As stated, before designing the revised oligonucleotide set, a more rigorous alignment analysis of the Brussel/Friedrich oligonucleotide sequences was conducted against the current edition of the LANL compendium database (Supplementary Fig. S1b, c). The compendium database is comprised of 37 highly curated sequences from major HIV-1 group M subtypes (four sequences per subtypes); 32 CRFs and other reference sequences and 11 subtype N, O or CPZ. The database is designed to represent the diversity of the sequences present within the entire HIV-1 database but allows quicker and more accurate analysis of variation as repetition and poor sequence information is eliminated. The alignments against the compendium database more accurately reflected assay performance and identified multiple mismatch issues, particularly in subtype AE and O (Supplementary Table S2). The revised LDA was therefore designed against the compendium database and then verified against the entire database. It corrected the mismatch issues found in the Brussel/Friedrich oligonucleotides and incorporated a wobble and Inosine, a modified base, in two locations. As already stated, the resulting assay performed much better than the Brussel/Friedrich assay on a large diverse panel of HIV-1 strains.
To determine whether the discrepancy between general sequence alignment versus the compendium alignment was a common phenomenon, we re-analyzed oligonucleotide sets reported in the literature as having good HIV-1 cross-subtype specificity against the compendium database; using the same method we adopted to design the revised LDA. When the assays reported by Vandergeeten 2014 and van der Sluis 2013 as highly sensitive and broadly cross reactive, for example, were analyzed against the compendium database, their base-pair identity statistics did not look as favorable as indicated in the original publications. (Supplementary Table S2). Additionally, Rutsaert et al. recently conducted an in-depth analysis of 20 total HIV-1 DNA assays reported in the literature as having good cross-subtype specificity including the afore mentioned Vandergeeten 2014, and van der Sluis 2013 assays, against an HIV-1 subtype diversity panel comprised of 30 samples. We aligned the oligonucleotides from the two best-performing assays from their analysis—Schvachsa 2007 and Viard 2004—against the compendium database and found that these alignment statistics were also not as good as the revised LDA (Supplementary Table S2)26,27,28.

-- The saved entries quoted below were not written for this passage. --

Let span_p_mono k k' : (k <= k')%N -> (span_p k <= span_p k')%VS.
Proof.
move=> kk'; apply/sub_span => _ /mapP[i + ->]; rewrite !mem_iota !add0n => ik.
by apply/map_f; rewrite mem_iota (leq_trans ik).
Qed.

Let z_in_span k : z k \in span_p k.+1.
Proof.
case: k => [|k]; first by rewrite /z (p_in_span (ltnSn 0)).
have -> : z k.+1 = p k.+1 - beta k *: p k by rewrite pS addrK.
by rewrite rpredB ?rpredZ ?p_in_span // ltnW.
Qed.

Let MHp_in_span i : M *m (H *m p i) \in span_p i.+2.
Proof.
have [/alpha_eq0 ->|ai0] := eqVneq (alpha i) 0; first by rewrite !mulmx0 rpred0.
rewrite MHp // rpredZ // rpredB ?z_in_span //.
exact: (subvP (span_p_mono (leqnSn _))) _ (z_in_span i).
Qed.

Let MH_span k v : v \in span_p k -> M *m (H *m v) \in span_p k.+1.
Proof.
move=> /(@coord_span _ _ _ (in_tuple _)) ->; rewrite !mulmx_sumr rpred_sum // => i _.
have ik : (i < k)%N by case: i => i /=; rewrite size_map size_iota.
rewrite -!scalemxAr rpredZ // (nth_map 0) ?size_iota // nth_iota // add0n.
by apply: (subvP (span_p_mono _)) (MHp_in_span i).
Qed.

Let orth_span u k : (forall j, (j < k)%N -> dotv u (p j) = 0) ->
  forall v, v \in span_p k -> dotv u v = 0.
Proof.
move=> up0 v; apply: dotv_span_eq0 => _ /mapP[j + ->].
by rewrite mem_iota add0n => /andP[_ /up0].
Qed.

Let pcg_orth k := [/\ forall j, (j < k)%N -> dotv (r k) (p j) = 0,
  forall j, (j < k)%N -> dotv (p k) (H *m p j) = 0 &
  dotv (r k) (p k) = dotv (r k) (z k)].

Let pcg_orth_r k : pcg_orth k -> forall j, (j < k.+1)%N -> dotv (r k.+1) (p j) = 0.
Proof.
case=> rp0 pHp0 rp_rz j; rewrite ltnS leq_eqVlt => /orP[/eqP ->|jk].
  rewrite rS dotvBl dotvZl dotv_mulmxl H_sym.
  have [->|pk0] := eqVneq (p k) 0; first by rewrite mulmx0 !dotv0r mulr0 subr0.
  by rewrite rp_rz /alpha mulfVK ?subrr // gt_eqF // H_pd.
by rewrite rS dotvBl dotvZl dotv_mulmxl H_sym rp0 // pHp0 // mulr0 subr0.
Qed.

Let pcg_orthS k : pcg_orth k -> pcg_orth k.+1.
Proof.
move=> orth_k; have rp0 := pcg_orth_r orth_k; case: orth_k => _ pHp0 _.
split => // [j|]; last by rewrite pS dotvDr dotvZr rp0 // mulr0 addr0.
rewrite ltnS leq_eqVlt pS dotvDl dotvZl /z dotv_mulmxl M_sym => /orP[/eqP ->|jk].
  have [/alpha_eq0 ->|ak0] := eqVneq (alpha k) 0.
    by rewrite !mulmx0 !dotv0r mulr0 addr0.
  rewrite MHp // dotvZr dotvBr (orth_span rp0 (z_in_span k)) sub0r.
  move: ak0; rewrite /beta /alpha /z mulf_eq0 negb_or invr_eq0 => /andP[rz0 _].
  by rewrite invfM invrK; field.
have jk2 : (j.+2 <= k.+1)%N by [].
by rewrite (orth_span rp0 (subvP (span_p_mono jk2) _ (MHp_in_span j))) pHp0 // mulr0 addr0.
Qed.

Let pcg_orthogonal k : pcg_orth k.
Proof.
elim: k => [|k]; last exact: pcg_orthS.
by split => //; rewrite /p /z /r.
Qed.

Let x_in_span k : x k \in span_p k.
Proof.
elim: k => [|k IH]; first exact: rpred0.
rewrite xS rpredD ?rpredZ ?p_in_span //.
exact: subvP (span_p_mono (leqnSn k)) _ IH.
Qed.

Let richardson_in_span k : richardson H M g k \in span_p k.
Proof.
elim: k => [|k IH] /=; first exact: rpred0.
rewrite mulmxBr rpredD ?rpredB ?MH_span //.
  exact: subvP (span_p_mono (leqnSn k)) _ IH.
exact: (p_in_span (ltn0Sn k)).
Qed.

Let pcg_optimal s xstar y : H *m xstar = g -> y \in span_p s ->
  Hnorm2 H (x s - xstar) <= Hnorm2 H (y - xstar).
Proof.
move=> Hx ys.
have -> : y - xstar = (x s - xstar) + (y - x s) by rewrite [RHS]addrC addrA subrK.
apply: Hnorm2_addr_ge => //; first exact: posdef_psd.
have -> : H *m (x s - xstar) = - r s by rewrite residualE mulmxBr Hx opprB.
have [rp0 _ _] := pcg_orthogonal s.
by rewrite dotvNr dotvC (orth_span rp0) ?oppr0 // rpredB ?x_in_span.
Qed.

Lemma pcg_error_le xstar (c : R) s : H *m xstar = g -> 0 <= c ->
  (forall e, Hnorm2 H (e - M *m (H *m e)) <= c * Hnorm2 H e) ->
  Hnorm2 H (pcg H M g s - xstar) <= c ^+ s * Hnorm2 H xstar.
Proof.
move=> Hx c_ge0 contr.
exact: le_trans (pcg_optimal Hx (richardson_in_span s)) (richardson_error Hx c_ge0 contr s).
Qed.

End PreconditionedCG.

Lemma le_sqr_mul_of_polarization (R : realType) (N X a : R) :
  0 <= N -> 0 <= X -> 0 <= a ->
  (forall u, 4 * u * N <= 2 * a * (u ^+ 2 * X + N)) -> N <= a ^+ 2 * X.
Proof.
move=> N_ge0 X_ge0 a_ge0 polar.
have [->|Nn0] := eqVneq N 0; first by rewrite mulr_ge0 ?sqr_ge0.
have N_gt0 : 0 < N by rewrite lt_def Nn0.
have [X0|Xn0] := eqVneq X 0.
  by have := polar (a + 1); rewrite X0 mulr0 add0r; nra.
have X_gt0 : 0 < X by rewrite lt_def Xn0.
have [a0|an0] := eqVneq a 0.
  by have := polar 1; rewrite a0 mulr0 mul0r; nra.
have a_gt0 : 0 < a by rewrite lt_def an0.
pose u := N / (a * X).
have uaX : u * (a * X) = N by rewrite mulfVK // mulf_neq0.
have u_gt0 : 0 < u by rewrite divr_gt0 // mulr_gt0.
have u_le : u <= a by have := polar u; nra.
by rewrite -uaX expr2 -mulrA ler_wpM2r // mulr_ge0 // ltW.
Qed.

Section QuadraticForm.
Variables (R : realType) (q : nat) (Q : 'M[R]_q).
Hypothesis Q_sym : Q^T = Q.

Lemma Hnorm2_polarization (x z : 'cV[R]_q) u :
  4 * u * dotv x (Q *m z) = Hnorm2 Q (u *: x + z) - Hnorm2 Q (u *: x - z).
Proof.
rewrite !Hnorm2E !mulmxDr !mulmxN -!scalemxAr.
rewrite !dotvDl !dotvDr !dotvNl !dotvNr !dotvZl !dotvZr (dotv_sym z x Q_sym); ring.
Qed.

Lemma Hnorm2_parallelogram (x z : 'cV[R]_q) u :
  Hnorm2 Q (u *: x + z) + Hnorm2 Q (u *: x - z) = 2 * (u ^+ 2 * Hnorm2 Q x + Hnorm2 Q z).
Proof.
rewrite !Hnorm2E !mulmxDr !mulmxN -!scalemxAr.
rewrite !dotvDl !dotvDr !dotvNl !dotvNr !dotvZl !dotvZr (dotv_sym z x Q_sym); ring.
Qed.

End QuadraticForm.

Lemma richardson_contraction (R : realType) q (H M : 'M[R]_q) (a : R) :
  H^T = H -> M^T = M -> psd H -> 0 <= a ->
  (forall x, `|Hnorm2 H x - Hnorm2 M (H *m x)| <= a * Hnorm2 H x) ->
  forall e, Hnorm2 H (e - M *m (H *m e)) <= a ^+ 2 * Hnorm2 H e.
Proof.
move=> H_sym M_sym H_psd a_ge0 rel e.
(* With [K = H - H M H] one has [H (e - M H e) = K e], so the squared H-norm of
   [e - M H e] is a value of the symmetric form of [K], which polarization bounds. *)
pose K := H - H *m M *m H.
have K_sym : K^T = K by rewrite /K linearB /= !trmx_mul H_sym M_sym mulmxA.
have KE x : Hnorm2 K x = Hnorm2 H x - Hnorm2 M (H *m x).
  by rewrite !Hnorm2E /K mulmxBl dotvBr -!mulmxA dotv_mulmxl H_sym.
have K_le x : `|Hnorm2 K x| <= a * Hnorm2 H x by rewrite KE.
set Te := e - M *m (H *m e).
have TeE : Hnorm2 H Te = dotv e (K *m Te).
  rewrite Hnorm2E (dotv_sym _ _ K_sym) [K *m e](_ : _ = H *m Te) //.
  by rewrite /Te /K mulmxBr mulmxBl !mulmxA.
have Hnorm2_ge0 x : 0 <= Hnorm2 H x by rewrite Hnorm2E.
apply: le_sqr_mul_of_polarization => // u.
rewrite {1}TeE Hnorm2_polarization // (mulrC 2 a) -mulrA.
rewrite -Hnorm2_parallelogram // mulrDr.
have := K_le (u *: e + Te); have := K_le (u *: e - Te).
rewrite !ler_norml => /andP[? ?] /andP[? ?]; lra.
Qed.

Lemma pcg_relative_error_le (R : realType) q (H M : 'M[R]_q) (g : 'cV[R]_q) (a : R) s :
  H^T = H -> M^T = M -> posdef H -> posdef M -> H \in unitmx -> 0 <= a ->
  (forall x, `|Hnorm2 H x - Hnorm2 M (H *m x)| <= a * Hnorm2 H x) ->
  Hnorm2 H (pcg H M g s - invmx H *m g) / Hnorm2 H (invmx H *m g) <= (a ^+ 2) ^+ s.
Proof.
move=> H_sym M_sym H_pd M_pd H_unit a_ge0 rel.
have Hxstar : H *m (invmx H *m g) = g by rewrite mulKVmx.
have := pcg_error_le H_sym M_sym H_pd M_pd s Hxstar (sqr_ge0 a)
  (richardson_contraction H_sym M_sym (posdef_psd H_pd) a_ge0 rel).
have [-> _|xn0] := eqVneq (Hnorm2 H (invmx H *m g)) 0.
  by rewrite invr0 mulr0 exprn_ge0 ?sqr_ge0.
by rewrite ler_pdivrMr // lt_def xn0 Hnorm2E posdef_psd.
Qed.

Lemma vnorm_mulmx_sqr_le (R : realType) q (Q : 'M[R]_q) (c : R) x :
  Q^T = Q -> psd Q -> 0 <= c -> (forall v, vnorm (Q *m v) <= c * vnorm v) ->
  vnorm (Q *m x) ^+ 2 <= c * Hnorm2 Q x.
Proof.
move=> Q_sym Q_psd c_ge0 Q_le; rewrite Hnorm2E.
have QQ_le : dotv (Q *m x) (Q *m (Q *m x)) <= c * vnorm (Q *m x) ^+ 2.
  apply: le_trans (ler_norm _) _; apply: le_trans (normr_dotv_le _ _) _.
  by rewrite mulrC expr2 mulrA ler_wpM2r ?vnorm_ge0.
have := dotv_CauchySchwarz x (Q *m x) Q_sym Q_psd.
have -> : dotv x (Q *m (Q *m x)) = vnorm (Q *m x) ^+ 2.
  by rewrite vnorm_sqr dotv_mulmxl Q_sym.
have [-> _|Yn0 CS] := eqVneq (vnorm (Q *m x) ^+ 2) 0; first by rewrite mulr_ge0.
have Y_gt0 : 0 < vnorm (Q *m x) ^+ 2 by rewrite lt_def Yn0 sqr_ge0.
rewrite -(ler_pM2r Y_gt0) -expr2; apply: le_trans CS _.
by rewrite (mulrC c) -mulrA ler_wpM2l ?Q_psd.
Qed.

The LTR region of HIV-1 is particularly problematic for accurate assay design because sequencing enzymes become error-prone and drop off at the end of genomes. Indeed, despite all the sequences being classified as “complete”, there are many sequences with only partial or no information within the LTR region, even in the carefully curated compendium database. As can be seen from the sequence alignments in Supplementary Table S2, the compendium database had 21% less sequence information in the LTR regions where sequence information becomes scarcer—i.e., towards the ends of the genome—compared to the sequence information available for upstream regions of the virus. Of all 198 sequences in the compendium database, 101 (51%) had information in the 633R primer region for example, compared to 65 (32.3%) in the 525F primer region and 53 (26.7%) in the 496F primer region of the assay.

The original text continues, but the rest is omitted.